Scan each line of the records for the word "move" and extract the ones that have it.

* * * * * * * * *

Lemma bigmax_on_le A F q z :
  q \in A -> (forall q', q' \in A -> F q' <= z) -> bigmax_on A F <= z.
Proof.
move=> Aq Fz; rewrite /bigmax_on; case: pickP => [q0 Aq0|/(_ q)]; last by rewrite Aq.
by apply: bigmax_le => //; exact: Fz.
Qed.

Lemma bigmin_on_le A F q : q \in A -> bigmin_on A F <= F q.
Proof. by move=> Aq; rewrite /bigmin_on lerNl; exact: bigmax_on_ge. Qed.

Lemma bigmin_on_ge A F q z :
  q \in A -> (forall q', q' \in A -> z <= F q') -> z <= bigmin_on A F.
Proof.
move=> Aq zF; rewrite /bigmin_on lerNr.
by apply: (@bigmax_on_le A (fun q => - F q) q _ Aq) => q' /zF; rewrite lerN2.
Qed.

Lemma measurable_bigmax_on d (Omega : measurableType d) A (F : Q -> Omega -> R) :
  (forall q, measurable_fun setT (F q)) ->
  measurable_fun setT (fun w => bigmax_on A (F^~ w)).
Proof.
move=> mF; rewrite /bigmax_on; case: pickP => [q0 _|_]; last exact: measurable_cst.
elim: (index_enum Q) => [|q s IH].
  by under eq_fun do rewrite big_nil; exact: mF.
under eq_fun do rewrite big_cons; case: (q \in A) => //.
exact: measurable_realfun.measurable_maxr.
Qed.

Lemma measurable_bigmin_on d (Omega : measurableType d) A (F : Q -> Omega -> R) :
  (forall q, measurable_fun setT (F q)) ->
  measurable_fun setT (fun w => bigmin_on A (F^~ w)).
Proof.
move=> mF; apply: measurable_realfun.measurable_funN.
by apply: measurable_bigmax_on => q; exact: measurable_realfun.measurable_funN.
Qed.

End FiniteExtremum.

(* [G0 + a * beta] and [G1 + a * beta] are the objectives of two consecutive
   rounds as functions of one perturbation coordinate [a].  If an
   [eps]-maximizer of the first has [beta > b] and one of the second has
   [beta = b], then [a] lies in a window of width [(1 + 2 eps) / delta] whose
   position depends on [G0] only. *)
Section SwitchWindow.
Variables (R : realType) (Q : finType) (feasible : pred Q) (G0 G1 beta : Q -> R).
Variables (b eps delta : R).

Definition level_max : R := bigmax_on [pred q | feasible q && (beta q == b)] G0.

Definition switch_threshold : R :=
  bigmin_on [pred q | feasible q && (b < beta q)]
            (fun q => (level_max - G0 q - eps) / (beta q - b)).

Variables (a : R) (q1 q2 : Q).
Hypotheses (feasible_q1 : feasible q1) (beta_q1 : b < beta q1).
Hypotheses (feasible_q2 : feasible q2) (beta_q2 : beta q2 = b).

Lemma switch_threshold_le :
  (forall q, feasible q -> G0 q + a * beta q - eps <= G0 q1 + a * beta q1) ->
  switch_threshold <= a.
Proof.
move=> opt0.
have Aq1 : q1 \in [pred q | feasible q && (b < beta q)] by rewrite inE feasible_q1 beta_q1.
apply: le_trans (bigmin_on_le _ Aq1) _.
rewrite ler_pdivrMr ?subr_gt0 //.
have : level_max <= G0 q1 + a * beta q1 - a * b + eps.
  apply: (bigmax_on_le (q := q2)); first by rewrite inE feasible_q2 beta_q2 eqxx.
  by move=> q /andP[Fq /eqP bq]; have := opt0 q Fq; rewrite bq; lra.
by rewrite mulrBr; lra.
Qed.

Lemma le_switch_threshold :
  0 <= eps -> 0 < delta ->
  (forall q, feasible q -> G0 q <= G1 q) -> G1 q2 <= G0 q2 + 1 ->
  (forall q, feasible q -> b < beta q -> delta <= beta q - b) ->
  (forall q, feasible q -> G1 q + a * beta q - eps <= G1 q2 + a * beta q2) ->
  a <= switch_threshold + (1 + 2 * eps) / delta.
Proof.
move=> eps0 delta0 G01 G12 gap opt1; rewrite -lerBlDr.
apply: (bigmin_on_ge (q := q1)); first by rewrite inE feasible_q1 beta_q1.
move=> q /andP[Fq bq]; have pos : 0 < beta q - b by rewrite subr_gt0.
have le_level_max : G0 q2 <= level_max by apply: bigmax_on_ge; rewrite inE feasible_q2 beta_q2 eqxx.
have : a * (beta q - b) <= (level_max - G0 q - eps) + (1 + 2 * eps).
  by have := opt1 q Fq; have := G01 q Fq; rewrite beta_q2 mulrBr; lra.
rewrite -ler_pdivlMr // mulrDl lerBlDr => /le_trans; apply; rewrite lerD2l.
by apply: ler_wpM2l; [lra | rewrite lef_pV2 ?posrE ?gap].
Qed.

End SwitchWindow.

Section IndependentCoordinate.
Variables (R : realType) (d : measure_display) (Omega : measurableType d).
Variables (Pr : probability Omega R) (I : finType) (Z : I -> Omega -> R).
Variables (i0 : I) (D : probability R R).
Hypothesis mZ : forall i, measurable_fun setT (Z i).
Hypothesis indepZ : mutually_independent Pr Z.
Hypothesis lawZ : identically_distributed Pr Z D.

(* Cylinders leaving [Z i0] free; they generate the sigma-algebra of the
   coordinates other than [i0]. *)
Definition off_rect : set (set Omega) := [set A | exists B : I -> set R,
  [/\ forall i, measurable (B i), B i0 = setT &
      A = \bigcap_(i in [set: I]) (Z i @^-1` B i)]].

* * * * * * * * *

### SOLUTION FOR THIS PROBLEM
move=> Aq Fz; rewrite /bigmax_on; case: pickP => [q0 Aq0|/(_ q)]; last by rewrite Aq.
Proof. by move=> Aq; rewrite /bigmin_on lerNl; exact: bigmax_on_ge. Qed.
move=> Aq zF; rewrite /bigmin_on lerNr.
move=> mF; rewrite /bigmax_on; case: pickP => [q0 _|_]; last exact: measurable_cst.
move=> mF; apply: measurable_realfun.measurable_funN.
move=> opt0.
  by move=> q /andP[Fq /eqP bq]; have := opt0 q Fq; rewrite bq; lra.
move=> eps0 delta0 G01 G12 gap opt1; rewrite -lerBlDr.
move=> q /andP[Fq bq]; have pos : 0 < beta q - b by rewrite subr_gt0.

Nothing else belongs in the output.